(Stored entries)
__________
Definition common_certainty_component {Om N : Type} (A : set (set Om))
    (t : N -> Om -> set Om -> R) (S : set Om) : Prop :=
  S !=set0 /\ exists E, A E /\ E `<=` S /\ (forall i w, S w -> t i w E = 1).

(* trace field {F cap S : F in F0} on the carrier S *)
Definition trace {Om : Type} (S : set Om) (F0 : set (set Om))
    : set (set {x : Om | S x}) :=
  [set G | exists2 H, F0 H & G = (@proj1_sig Om S) @^-1` H].

(* t_i^S(w, F cap S) = t_i(w, F) *)
Definition induced_t {Om N : Type} (S : set Om) (A : set (set Om))
    (t : N -> Om -> set Om -> R) : N -> {x : Om | S x} -> set {x : Om | S x} -> R :=
  fun i w G => t i (proj1_sig w)
                 (xget set0 [set H | A H /\ G = (@proj1_sig Om S) @^-1` H]).

End TypeSpaces.

From mathcomp Require Import all_boot all_order all_algebra.
From mathcomp Require Import boolp classical_sets cardinality reals.
From mathcomp Require Import ring lra.
Import Order.TTheory GRing.Theory Num.Theory.
Local Open Scope classical_set_scope.
Local Open Scope ring_scope.

(* If beliefs are consistent, Ω itself is a common certainty component, and T_Ω is T read
   through the bijection ω ↦ (ω, I): common priors are transported along it.
   Conversely, let E ⊆ S witness a common certainty component and let P' be a common prior
   of T_S. The types t_i(ω, ·) with ω ∈ S give E probability one, hence so do their convex
   combinations, and testing P' against the indicator of (F \ E) ∩ S shows that P'
   vanishes off E as well. A finitely additive measure carried by E ⊆ S sees an integrand only
   through its restriction to S, so integrals in T and in T_S agree, and F ↦ P'(F ∩ S) is
   a common prior of T. *)

Section Fields.
Context {X : Type} {F : set (set X)}.
Hypothesis hF : is_field F.

Lemma field_setT : F setT.
Proof. by case: hF. Qed.

Lemma field_setC {E} : F E -> F (~` E).
Proof. by case: hF => _ [FC _]; apply: FC. Qed.

Lemma field_setI {E G} : F E -> F G -> F (E `&` G).
Proof. by case: hF => _ [_ FI]; apply: FI. Qed.

Lemma field_set0 : F set0.
Proof. by rewrite -setCT; exact/field_setC/field_setT. Qed.

Lemma field_setU {E G} : F E -> F G -> F (E `|` G).
Proof.
by move=> FE FG; rewrite -[_ `|` _]setCK setCU; apply/field_setC/field_setI; apply: field_setC.
Qed.

Lemma field_setDI {E G} : F E -> F G -> F (E `&` ~` G).
Proof. by move=> FE FG; apply/field_setI/field_setC. Qed.

End Fields.

Definition concentrated {R : realType} {X : Type} (F : set (set X))
    (mu : set X -> R) (E : set X) :=
  forall H, F H -> mu (H `&` ~` E) = 0.

Section FinitelyAdditive.
Context {R : realType} {X : Type} {F : set (set X)} {mu : set X -> R}.
Hypotheses (hF : is_field F) (mu_add : fin_additive F mu).

Lemma fin_additive_set0 : mu set0 = 0.
Proof.
have := mu_add set0 set0 (field_set0 hF) (field_set0 hF) (setI0 _).
by rewrite setU0 => h; lra.
Qed.

Lemma fin_additive_setIC {E D} : F E -> F D -> mu E = mu (E `&` D) + mu (E `&` ~` D).
Proof.
move=> FE FD; rewrite -mu_add.
- by rewrite -setIUr setUv setIT.
- exact: field_setI.
- exact: field_setDI.
- by rewrite setIACA setICr setI0.
Qed.

Lemma concentrated_setI {E H} : F E -> concentrated F mu E -> F H -> mu H = mu (H `&` E).
Proof. by move=> FE cE FH; rewrite (fin_additive_setIC FH FE) cE // addr0. Qed.

Lemma concentrated_setT : concentrated F mu setT.
Proof. by move=> H _; rewrite setCT setI0 fin_additive_set0. Qed.

End FinitelyAdditive.

Section ProbabilityCharges.
Context {R : realType} {X : Type} {F : set (set X)} {P : set X -> R}.
Hypotheses (hF : is_field F) (hP : pba F P).

Lemma pba_setC E : F E -> P (~` E) = 1 - P E.
Proof.
case: hP => P_add [_ PT] FE.
have := P_add _ _ FE (field_setC hF FE) (setICr E).
by rewrite setUv PT => ->; ring.
Qed.

Lemma pba_le1 E : F E -> P E <= 1.
Proof.
move=> FE; have := hP.2.1 _ (field_setC hF FE).
by rewrite pba_setC // subr_ge0.
Qed.

Lemma pba_ba : ba_fun F P.
Proof.
split; first exact: hP.1.
by exists 1 => E FE; rewrite ger0_norm ?pba_le1 //; exact: hP.2.1.
Qed.

Lemma pba_concentrated {E} : F E -> P E = 1 -> concentrated F P E.
Proof.
case: hP => P_add [P_ge0 _] FE PE H FH.
have := fin_additive_setIC hF P_add (field_setC hF FE) FH.
rewrite pba_setC // PE subrr setIC.
have := P_ge0 _ (field_setI hF (field_setC hF FE) (field_setC hF FH)).
have := P_ge0 _ (field_setDI hF FH FE).
lra.
Qed.

End ProbabilityCharges.

Section ConvexHull.
Context {R : realType}.

Lemma conv_hull_nonempty {X : Type} {C : set (set X -> R)} {nu} :
  conv_hull C nu -> C !=set0.
Proof. by case=> n [_ [P [_ [_ [CP _]]]]]; exists (P ord0). Qed.

Lemma conv_hull_const {X : Type} (C : set (set X -> R)) nu G a :
  (forall Q, C Q -> Q G = a) -> conv_hull C nu -> nu G = a.
Proof.
move=> CG [n [lam [Q [_ [lam1 [CQ ->]]]]]].
rewrite (eq_bigr (fun k => lam k * a)) => [|k _]; last by rewrite CG.
by rewrite -mulr_suml lam1 mul1r.
Qed.

Lemma conv_hull_pba {X : Type} (F : set (set X)) (C : set (set X -> R)) nu :
  (forall Q, C Q -> pba F Q) -> conv_hull C nu -> pba F nu.
Proof.
move=> CF [n [lam [Q [lam_ge0 [lam1 [CQ ->]]]]]]; split; [|split].
- move=> E G FE FG EG; rewrite -big_split; apply: eq_bigr => k _.
  by rewrite (CF _ (CQ k)).1 // mulrDr.
- move=> E FE; apply: sumr_ge0 => k _; apply: mulr_ge0 => //.
  exact: (CF _ (CQ k)).2.1.
- rewrite (eq_bigr (fun k => lam k)) // => k _.
  by rewrite (CF _ (CQ k)).2.2 mulr1.
Qed.

Lemma conv_hull_range_pba {X Y : Type} {F : set (set X)} {q : Y -> set X -> R} {nu} :
  (forall y, pba F (q y)) -> conv_hull (range q) nu -> pba F nu.
Proof. by move=> q_pba; apply: conv_hull_pba => _ [y _ <-]. Qed.

Lemma conv_hull_transport {U V : Type} {C : set (set U -> R)}
    {C' : set (set V -> R)} {D : set (set V)} {g : set V -> set U} {nu} :
  (forall Q, C Q -> exists2 Q', C' Q' & forall G, D G -> Q' G = Q (g G)) ->
  conv_hull C nu -> exists2 nu', conv_hull C' nu' & forall G, D G -> nu' G = nu (g G).
Proof.
move=> CC' [n [lam [Q [lam_ge0 [lam1 [CQ ->]]]]]].
have /choice[Q' hQ'] : forall k, exists Q', C' Q' /\ forall G, D G -> Q' G = Q k (g G).
  by move=> k; have [Q' ? ?] := CC' _ (CQ k); exists Q'.
exists (fun G => \sum_(k < n.+1) lam k * Q' k G).
  by exists n, lam, Q'; split; [|split; [|split]] => // k; exact: (hQ' k).1.
by move=> G DG; apply: eq_bigr => k _; rewrite (hQ' k).2.
Qed.
Lemma iint_xent_pt_le Rs Rf Rs' Rf' (c : R) x : 0 <= c ->
  measurable_integrands K (xent_pt Rs Rf) ->
  measurable_integrands K (xent_pt Rs' Rf') ->
  (forall l, size l = K -> (forall i, (i < K)%N -> S x (nth point l i)) ->
     `|xent K (vR Rs' x l) (vR Rf' x l) - xent K (vR Rs x l) (vR Rf x l)| <= c) ->
  (iint K (pi0 x) (xent_pt Rs' Rf' x) <= iint K (pi0 x) (xent_pt Rs Rf x) + c%:E)%E.
Proof.
move=> c0 m m' close.
apply: (@iint_le_supp _ _ K _ X pi0 S _ _ _ c0
  (fun z => ae_tsupp A_separable (pi0 z)) _ _ m' m x).
- by move=> z l; rewrite lee_fin xent_ge0.
- by move=> z l; rewrite lee_fin xent_ge0.
- move=> l Kl Sl; rewrite -EFinD lee_fin.
  by move: (close l Kl Sl); rewrite ler_norml => /andP[_ ?]; lra.
Qed.

Lemma iint_xent_pt_bounded Rs Rf (B : R) x : 0 <= B ->
  measurable_integrands K (xent_pt Rs Rf) ->
  (forall a, S x a -> `|Rf x a| <= B) ->
  (iint K (pi0 x) (xent_pt Rs Rf x) <= (ln K%:R + 2 * B)%:E)%E.
Proof.
move=> B0 m RfB; rewrite -[X in (_ <= X)%E]add0e -(iint0 K (pi0 x)).
apply: (@iint_le_supp _ _ K _ X pi0 S _ _ _ _
  (fun z => ae_tsupp A_separable (pi0 z)) _ _ m (measurable_integrands0 _ _ _) x).
- by rewrite addr_ge0 ?mulr_ge0 // ln_ge0 // ler1n.
- by move=> z l; rewrite lee_fin xent_ge0.
- by [].
- move=> l Kl Sl; rewrite add0e lee_fin; apply: xent_le => // k kK.
  by apply: RfB; apply: Sl.
Qed.

Lemma Lrisk_lipschitz Rs Rf Rs' Rf' (M dl : R) :
  measurable_fun setT (fun z : X * borelT A => Rs z.1 z.2) ->
  measurable_fun setT (fun z : X * borelT A => Rf z.1 z.2) ->
  measurable_fun setT (fun z : X * borelT A => Rs' z.1 z.2) ->
  measurable_fun setT (fun z : X * borelT A => Rf' z.1 z.2) ->
  0 <= M -> (forall x a, S x a -> `|Rf x a| <= M) -> 0 <= dl <= 1/4 ->
  (forall x a, S x a -> `|Rs' x a - Rs x a| <= dl) ->
  (forall x a, S x a -> `|Rf' x a - Rf x a| <= dl) ->
  `|fine (Lrisk d0 pi0 K Rs' Rf') - fine (Lrisk d0 pi0 K Rs Rf)| <= dl * (4 + 8 * M).
Proof.
move=> mRs mRf mRs' mRf' M0 RfM /andP[dl0 dl1] s's f'f.
have m := measurable_integrands_xent_pt mRs mRf.
have m' := measurable_integrands_xent_pt mRs' mRf'.
have xent_close x l : (forall i, (i < K)%N -> S x (nth point l i)) ->
    `|xent K (vR Rs' x l) (vR Rf' x l) - xent K (vR Rs x l) (vR Rf x l)|
      <= dl * (4 + 8 * M).
  move=> Sl; apply: xent_lipschitz => // k kK; rewrite /vR.
  - exact: s's (Sl k kK).
  - exact: f'f (Sl k kK).
  - exact: RfM (Sl k kK).
have Rf'M x a : S x a -> `|Rf' x a| <= M + dl.
  move=> Sxa; move: (f'f x a Sxa) (RfM x a Sxa).
  by have := ler_normD (Rf' x a - Rf x a) (Rf x a); rewrite subrK; lra.
have xent_pt0 Rs1 Rf1 x l : (0 <= xent_pt Rs1 Rf1 x l)%E by rewrite lee_fin xent_ge0.
have c0 : 0 <= dl * (4 + 8 * M) by rewrite mulr_ge0 // addr_ge0 ?mulr_ge0.
apply: (dist_fine_integral_le (C := ln K%:R + 2 * (M + dl))
  (measurable_iint pi0 (xent_pt0 Rs' Rf') m') (measurable_iint pi0 (xent_pt0 Rs Rf) m)
  _ _ _ _ c0 _ _).
- by move=> x; exact: iint_ge0.
- by move=> x; exact: iint_ge0.
- by move=> x; apply: iint_xent_pt_bounded m' (Rf'M x); lra.
- move=> x; apply: iint_xent_pt_bounded m _ => [|a Sxa]; first lra.
  by have := RfM x a Sxa; lra.
- by apply: aeW => x; apply: iint_xent_pt_le c0 m m' _ => l _; exact: xent_close.
- apply: aeW => x; apply: iint_xent_pt_le c0 m' m _ => l _ Sl.
  by rewrite distrC; exact: xent_close.
Qed.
__________
• **WHAT IS NEEDED**: Only the lines above starting at the one containing "forall H, F" and ending at the one containing "E -> concentrated", both included, are to be returned, exactly as they read.

• **RESPONSE TO THIS TASK**:
  forall H, F H -> mu (H `&` ~` E) = 0.

Section FinitelyAdditive.
Context {R : realType} {X : Type} {F : set (set X)} {mu : set X -> R}.
Hypotheses (hF : is_field F) (mu_add : fin_additive F mu).

Lemma fin_additive_set0 : mu set0 = 0.
Proof.
have := mu_add set0 set0 (field_set0 hF) (field_set0 hF) (setI0 _).
by rewrite setU0 => h; lra.
Qed.

Lemma fin_additive_setIC {E D} : F E -> F D -> mu E = mu (E `&` D) + mu (E `&` ~` D).
Proof.
move=> FE FD; rewrite -mu_add.
- by rewrite -setIUr setUv setIT.
- exact: field_setI.
- exact: field_setDI.
- by rewrite setIACA setICr setI0.
Qed.

Lemma concentrated_setI {E H} : F E -> concentrated F mu E -> F H -> mu H = mu (H `&` E).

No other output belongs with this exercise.